Exercise materials:
◇ ◇ ◇ ◇

Lemma step_angle_far y d : 100 <= norm2 y ->
  let v := padd y (step d) in let t := angle y v in
  norm2 y / 2 <= norm2 v /\ t * t <= 1 / 16 /\ t * t <= 6 / norm2 y /\
  cos t * (cnorm y * cnorm v) = dot y v /\ sin t * (cnorm y * cnorm v) = cross y v.
Proof.
  intros HN v t; pose proof (norm2_step d) as He.
  assert (Hv : norm2 v = norm2 y + 2 * dot y (step d) + 2)
    by (unfold v, padd, dot; unfold norm2 in He |- *; simpl; lra).
  assert (Hd : dot y v = norm2 y + dot y (step d)) by (unfold v, dot, norm2, padd; simpl; ring).
  assert (Hc : cross y v = cross y (step d)) by (unfold v, cross, padd; simpl; ring).
  pose proof (lagrange_identity y (step d)) as Hl; rewrite He in Hl.
  set (de := dot y (step d)) in *; set (ce := cross y (step d)) in *.
  assert (de * de <= 2 * norm2 y) by nra.
  assert (HNv : norm2 y / 2 <= norm2 v) by nra.
  destruct (angle_acute y v) as [Hr [Hcos Hsin]]; [lra|nra|]; fold t in Hr, Hcos, Hsin.
  pose proof (cnorm_sq y); pose proof (cnorm_sq v).
  assert (Hs2 : sin t * sin t * (norm2 y * norm2 v) = ce * ce)
    by (rewrite <- Hc, <- Hsin, <- H0, <- H1; ring).
  assert (Hs3 : sin t * sin t <= 4 / norm2 y).
  { apply Rmult_le_reg_r with (norm2 y * norm2 v); [nra|]; rewrite Hs2.
    replace (4 / norm2 y * (norm2 y * norm2 v)) with (4 * norm2 v) by (field; lra); nra. }
  assert (4 / norm2 y <= 1 / 25).
  { apply Rmult_le_reg_r with (norm2 y); [lra|].
    unfold Rdiv; rewrite Rmult_assoc, Rinv_l by lra; lra. }
  assert (Ht : t * t <= 1 / 16) by (apply sq_le_of_sin_sq_le; lra).
  repeat split; auto.
  pose proof (sq_le_sin_sq t ltac:(lra)).
  assert (0 < / norm2 y) by (apply Rinv_0_lt_compat; lra).
  unfold Rdiv in *; nra.
Qed.

(** * Mean turning angle *)

Definition mean_angle (y : pt) : R := avg4 (fun d => angle y (padd y (step d))).
Definition mean_angle_sq (y : pt) : R :=
  avg4 (fun d => angle y (padd y (step d)) * angle y (padd y (step d))).

Definition cmul (u v : pt) : pt :=
  (fst u * fst v - snd u * snd v, fst u * snd v + snd u * fst v).

Lemma cmul_polar s t r q :
  cmul (cos s * r, sin s * r) (cos t * q, sin t * q) = (cos (s + t) * (r * q), sin (s + t) * (r * q)).
Proof. unfold cmul; simpl; rewrite cos_plus, sin_plus; f_equal; ring. Qed.

(* As complex numbers, [(dot y v, cross y v) = conj y * v]; the product over the four
   steps is [conj y ^ 4 * (y ^ 4 - 4)], whose imaginary part is [4 Im (y ^ 4)]. *)
Lemma step_product_im y :
  let w d := (dot y (padd y (step d)), cross y (padd y (step d))) in
  snd (cmul (cmul (cmul (w 0%nat) (w 1%nat)) (w 2%nat)) (w 3%nat))
  = 4 * (4 * fst y ^ 3 * snd y - 4 * fst y * snd y ^ 3).
Proof.
  unfold cmul, dot, cross, padd, step; simpl.
  set (a := fst y); set (b := snd y); set (h := sqrt 2).
  transitivity ((h * h) * (h * h) * (4 * a ^ 3 * b - 4 * a * b ^ 3)); [ring|].
  unfold h; rewrite sqrt2_sq; ring.
Qed.

Lemma im_quartic_sq_le a b :
  (4 * a ^ 3 * b - 4 * a * b ^ 3) * (4 * a ^ 3 * b - 4 * a * b ^ 3)
  <= (a * a + b * b) * (a * a + b * b) * ((a * a + b * b) * (a * a + b * b)).
Proof. pose proof (Rle_0_sqr (a ^ 4 - 6 * a ^ 2 * b ^ 2 + b ^ 4)); unfold Rsqr in *; nra. Qed.

Lemma sq_le_div_of_mul_eq s r c m : 0 < m -> m <= r * r -> s * r = c -> s * s <= c * c / m.
Proof.
  intros Hm Hr Hc; subst c; apply Rmult_le_reg_r with m; [lra|].
  replace (s * r * (s * r) / m * m) with ((s * s) * (r * r)) by (field; lra).
  assert (0 <= s * s) by nra; nra.
Qed.

(* The sum of the four turning angles is the argument of the product in [step_product_im]. *)
Lemma turn_sum_far y : 100 <= norm2 y ->
  let T := 4 * mean_angle y in
  T * T <= 1 /\ sin T * sin T <= 256 / (norm2 y * norm2 y * (norm2 y * norm2 y)).
Proof.
  intros HN.
  destruct (step_angle_far y 0 HN) as [Hv0 [Ht0 [_ [Hc0 Hs0]]]].
  destruct (step_angle_far y 1 HN) as [Hv1 [Ht1 [_ [Hc1 Hs1]]]].
  destruct (step_angle_far y 2 HN) as [Hv2 [Ht2 [_ [Hc2 Hs2]]]].
  destruct (step_angle_far y 3 HN) as [Hv3 [Ht3 [_ [Hc3 Hs3]]]].
  pose proof (step_product_im y) as Him; cbv beta zeta in Him.
  rewrite <- Hc0, <- Hs0, <- Hc1, <- Hs1, <- Hc2, <- Hs2, <- Hc3, <- Hs3, !cmul_polar in Him.
  cbn [snd] in Him; replace (4 * mean_angle y) with (angle y (padd y (step 0))
    + angle y (padd y (step 1)) + angle y (padd y (step 2)) + angle y (padd y (step 3)))
    by (unfold mean_angle, avg4; field).
  set (v0 := padd y (step 0)) in *; set (v1 := padd y (step 1)) in *.
  set (v2 := padd y (step 2)) in *; set (v3 := padd y (step 3)) in *.
  set (T := angle y v0 + angle y v1 + angle y v2 + angle y v3) in *.
  split.
  { assert (-1 <= T <= 1); [|nra].
    assert (-1/4 <= angle y v0 <= 1/4) by nra; assert (-1/4 <= angle y v1 <= 1/4) by nra;
      assert (-1/4 <= angle y v2 <= 1/4) by nra; assert (-1/4 <= angle y v3 <= 1/4) by nra.
    unfold T; lra. }
  pose proof (cnorm_sq y); pose proof (cnorm_sq v0); pose proof (cnorm_sq v1);
    pose proof (cnorm_sq v2); pose proof (cnorm_sq v3).
  set (ab := 4 * fst y ^ 3 * snd y - 4 * fst y * snd y ^ 3) in *.
  set (r := cnorm y * cnorm v0 * (cnorm y * cnorm v1) * (cnorm y * cnorm v2) * (cnorm y * cnorm v3)) in *.
  set (N := norm2 y) in *; set (N4 := N * N * (N * N)).
  assert (HN4 : 100 * 100 * (100 * 100) <= N4) by (unfold N4; assert (100 * 100 <= N * N) by nra; nra).
  assert (Hr : N4 * (N4 / 16) <= r * r).
  { replace (r * r) with (N4 * (norm2 v0 * norm2 v1 * (norm2 v2 * norm2 v3)))
      by (unfold r, N4; rewrite <- H, <- H0, <- H1, <- H2, <- H3; ring).
    apply Rmult_le_compat_l; [lra|].
    apply Rle_trans with (N / 2 * (N / 2) * (N / 2 * (N / 2))); [unfold N4; lra|].
    apply Rmult_le_compat; try (apply Rmult_le_pos; lra); apply Rmult_le_compat; lra. }
  pose proof (sq_le_div_of_mul_eq (sin T) r (4 * ab) (N4 * (N4 / 16)) ltac:(nra) Hr Him) as Hs.
  assert (Hab : ab * ab <= N4) by (apply im_quartic_sq_le).
  apply Rle_trans with (4 * ab * (4 * ab) / (N4 * (N4 / 16))); [exact Hs|].
  fold N4; apply Rmult_le_reg_r with (N4 * N4); [nra|].
  replace (4 * ab * (4 * ab) / (N4 * (N4 / 16)) * (N4 * N4)) with (256 * (ab * ab)) by (field; lra).
  replace (256 / N4 * (N4 * N4)) with (256 * N4) by (field; lra); lra.
Qed.

Lemma mean_angle_sq_far y : 100 <= norm2 y ->
  mean_angle y * mean_angle y <= 24 / (norm2 y * norm2 y * (norm2 y * norm2 y)).
Proof.
  intros HN; destruct (turn_sum_far y HN) as [HT Hs].
  pose proof (sq_le_sin_sq _ HT) as HsinT.
  set (N4 := norm2 y * norm2 y * (norm2 y * norm2 y)) in *.
  assert (0 < N4) by (unfold N4; apply Rmult_lt_0_compat; nra).
  assert (0 < / N4) by (apply Rinv_0_lt_compat; lra).
  unfold Rdiv in *; nra.
Qed.

Lemma abs_le_of_sq_le D K : 0 <= K -> D * D <= K * K -> Rabs D <= K.
Proof.
  intros; destruct (Rcase_abs D); [rewrite Rabs_left by auto|rewrite Rabs_right by auto]; nra.
Qed.

Lemma inv_sq_ge_near y : norm2 y < 100 -> 1 / 10816 <= 1 / ((norm2 y + 4) * (norm2 y + 4)).
Proof.
  intros; pose proof (norm2_nonneg y).
  apply Rmult_le_reg_r with (10816 * ((norm2 y + 4) * (norm2 y + 4))); [nra|].
  replace (1 / 10816 * (10816 * ((norm2 y + 4) * (norm2 y + 4))))
    with ((norm2 y + 4) * (norm2 y + 4)) by field.
  replace (1 / ((norm2 y + 4) * (norm2 y + 4)) * (10816 * ((norm2 y + 4) * (norm2 y + 4))))
    with 10816 by (field; nra).
  nra.
Qed.

Lemma mean_angle_abs_le y : Rabs (mean_angle y) <= 50000 * (Qstep (lnorm 2) y - lnorm 2 y).
Proof.
  pose proof (Qstep_lnorm2_incr y) as Hg; pose proof (norm2_nonneg y) as HN.
  destruct (Rle_dec 100 (norm2 y)) as [Hfar|Hnear].
  - pose proof (mean_angle_sq_far y Hfar) as Hd; set (N := norm2 y) in *.
    assert (HNN : 0 < N * N * (N * N)) by (apply Rmult_lt_0_compat; nra).
    assert (Rabs (mean_angle y) <= 5 / (N * N)).
    { apply abs_le_of_sq_le; [apply Rmult_le_pos; [lra|left; apply Rinv_0_lt_compat; nra]|].
      replace (5 / (N * N) * (5 / (N * N))) with (25 / (N * N * (N * N))) by (field; lra).
      assert (24 / (N * N * (N * N)) <= 25 / (N * N * (N * N)))
        by (unfold Rdiv; apply Rmult_le_compat_r; [left; apply Rinv_0_lt_compat|]; lra).
      lra. }
    assert (5 / (N * N) <= 50000 * (1 / ((N + 4) * (N + 4)))); [|lra].
    apply Rmult_le_reg_r with (N * N * ((N + 4) * (N + 4))); [nra|].
    replace (5 / (N * N) * (N * N * ((N + 4) * (N + 4)))) with (5 * ((N + 4) * (N + 4)))
      by (field; lra).
    replace (50000 * (1 / ((N + 4) * (N + 4))) * (N * N * ((N + 4) * (N + 4))))
      with (50000 * (N * N)) by (field; nra).
    nra.
  - assert (Rabs (mean_angle y) <= 4).
    { apply abs_le_of_sq_le; [lra|]; unfold mean_angle, avg4.
      pose proof (angle_sq_le y (padd y (step 0))); pose proof (angle_sq_le y (padd y (step 1)));
        pose proof (angle_sq_le y (padd y (step 2))); pose proof (angle_sq_le y (padd y (step 3))).
      set (a0 := angle y (padd y (step 0))) in *; set (a1 := angle y (padd y (step 1))) in *.
      set (a2 := angle y (padd y (step 2))) in *; set (a3 := angle y (padd y (step 3))) in *.
      assert (-4 <= a0 <= 4) by nra; assert (-4 <= a1 <= 4) by nra;
        assert (-4 <= a2 <= 4) by nra; assert (-4 <= a3 <= 4) by nra.
      assert (-4 <= (a0 + a1 + a2 + a3) / 4 <= 4) by lra; nra. }
    pose proof (inv_sq_ge_near y ltac:(lra)); lra.
Qed.

Lemma mean_angle_sq_le y :
  mean_angle_sq y <= 24 * (Qstep lnorm_sq y - lnorm_sq y) + 200000 * (Qstep (lnorm 2) y - lnorm 2 y).
Proof.
  pose proof (Qstep_lnorm2_incr y) as Hg; pose proof (norm2_nonneg y) as HN.
  pose proof (Qstep_lnorm_sq_incr y) as HL.
  assert (0 <= 1 / ((norm2 y + 4) * (norm2 y + 4)))
    by (apply Rmult_le_pos; [lra|left; apply Rinv_0_lt_compat; nra]).
  assert (0 <= norm2 y / ((norm2 y + 5) * (norm2 y + 5)))
    by (apply Rmult_le_pos; [lra|left; apply Rinv_0_lt_compat; nra]).
  unfold mean_angle_sq, avg4.
  destruct (Rle_dec 100 (norm2 y)) as [Hfar|Hnear].
  - destruct (step_angle_far y 0 Hfar) as [_ [_ [G0 _]]].
    destruct (step_angle_far y 1 Hfar) as [_ [_ [G1 _]]].
    destruct (step_angle_far y 2 Hfar) as [_ [_ [G2 _]]].
    destruct (step_angle_far y 3 Hfar) as [_ [_ [G3 _]]].
    set (N := norm2 y) in *.
    assert (6 / N <= 24 * (N / ((N + 5) * (N + 5)))); [|lra].
    apply Rmult_le_reg_r with (N * ((N + 5) * (N + 5))); [nra|].
    replace (6 / N * (N * ((N + 5) * (N + 5)))) with (6 * ((N + 5) * (N + 5))) by (field; lra).
    replace (24 * (N / ((N + 5) * (N + 5))) * (N * ((N + 5) * (N + 5)))) with (24 * (N * N))
      by (field; nra).
    nra.
  - pose proof (inv_sq_ge_near y ltac:(lra)).
    pose proof (angle_sq_le y (padd y (step 0))); pose proof (angle_sq_le y (padd y (step 1)));
      pose proof (angle_sq_le y (padd y (step 2))); pose proof (angle_sq_le y (padd y (step 3))).
    lra.
Qed.

Lemma rsum_Pt_mean_angle_abs m y :
  rsum (fun t => Pt t (fun z => Rabs (mean_angle z)) y) m <= 50000 * ln (1 + INR m).
Proof.
  eapply Rle_trans; [apply rsum_Pt_le_incr with (G := lnorm 2); intro; apply mean_angle_abs_le|].
  pose proof (Pt_lnorm2_incr m y); lra.
Qed.

Lemma rsum_Pt_mean_angle_sq m y :
  let l := ln (1 + 2 * INR m) in
  rsum (fun t => Pt t mean_angle_sq y) m <= 24 * (5 * (l * l) + 10) + 200000 * ln (1 + INR m).
Proof.
  intros l.
  assert (H : rsum (fun t => Pt t mean_angle_sq y) m <=
    rsum (fun t => Pt t (fun z => 24 * (Qstep lnorm_sq z - lnorm_sq z)) y
                   + Pt t (fun z => 200000 * (Qstep (lnorm 2) z - lnorm 2 z)) y) m).
  { apply rsum_le; intros; rewrite <- Pt_plus; apply Pt_le; apply mean_angle_sq_le. }
  rewrite rsum_plus in H.
  pose proof (rsum_Pt_le_incr (fun z => 24 * (Qstep lnorm_sq z - lnorm_sq z)) lnorm_sq 24 m y
                ltac:(intros; lra)).
  pose proof (rsum_Pt_le_incr (fun z => 200000 * (Qstep (lnorm 2) z - lnorm 2 z)) (lnorm 2)
                200000 m y ltac:(intros; lra)).
  pose proof (Pt_lnorm_sq_incr m y) as HL; cbv zeta in HL; fold l in HL.
  pose proof (Pt_lnorm2_incr m y).
  lra.
Qed.

(** * Additive functionals *)

Definition addfun (k : pt -> R) (m : nat) (x : pt) (xs : list nat) : R :=
  rsum (fun t => k (walk x xs t)) m.
Definition addfun_mean (k : pt -> R) (m : nat) (x : pt) : R := Expect m (addfun k m x).
Definition addfun_msq (k : pt -> R) (m : nat) (x : pt) : R :=
  Expect m (fun xs => addfun k m x xs * addfun k m x xs).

◇ ◇ ◇ ◇

Required action: When you reach the line that contains "(** * Mean turning angle *)", stop; output it and every line before it from the start of the data, exactly as written.

Output below:
Lemma step_angle_far y d : 100 <= norm2 y ->
  let v := padd y (step d) in let t := angle y v in
  norm2 y / 2 <= norm2 v /\ t * t <= 1 / 16 /\ t * t <= 6 / norm2 y /\
  cos t * (cnorm y * cnorm v) = dot y v /\ sin t * (cnorm y * cnorm v) = cross y v.
Proof.
  intros HN v t; pose proof (norm2_step d) as He.
  assert (Hv : norm2 v = norm2 y + 2 * dot y (step d) + 2)
    by (unfold v, padd, dot; unfold norm2 in He |- *; simpl; lra).
  assert (Hd : dot y v = norm2 y + dot y (step d)) by (unfold v, dot, norm2, padd; simpl; ring).
  assert (Hc : cross y v = cross y (step d)) by (unfold v, cross, padd; simpl; ring).
  pose proof (lagrange_identity y (step d)) as Hl; rewrite He in Hl.
  set (de := dot y (step d)) in *; set (ce := cross y (step d)) in *.
  assert (de * de <= 2 * norm2 y) by nra.
  assert (HNv : norm2 y / 2 <= norm2 v) by nra.
  destruct (angle_acute y v) as [Hr [Hcos Hsin]]; [lra|nra|]; fold t in Hr, Hcos, Hsin.
  pose proof (cnorm_sq y); pose proof (cnorm_sq v).
  assert (Hs2 : sin t * sin t * (norm2 y * norm2 v) = ce * ce)
    by (rewrite <- Hc, <- Hsin, <- H0, <- H1; ring).
  assert (Hs3 : sin t * sin t <= 4 / norm2 y).
  { apply Rmult_le_reg_r with (norm2 y * norm2 v); [nra|]; rewrite Hs2.
    replace (4 / norm2 y * (norm2 y * norm2 v)) with (4 * norm2 v) by (field; lra); nra. }
  assert (4 / norm2 y <= 1 / 25).
  { apply Rmult_le_reg_r with (norm2 y); [lra|].
    unfold Rdiv; rewrite Rmult_assoc, Rinv_l by lra; lra. }
  assert (Ht : t * t <= 1 / 16) by (apply sq_le_of_sin_sq_le; lra).
  repeat split; auto.
  pose proof (sq_le_sin_sq t ltac:(lra)).
  assert (0 < / norm2 y) by (apply Rinv_0_lt_compat; lra).
  unfold Rdiv in *; nra.
Qed.

(** * Mean turning angle *)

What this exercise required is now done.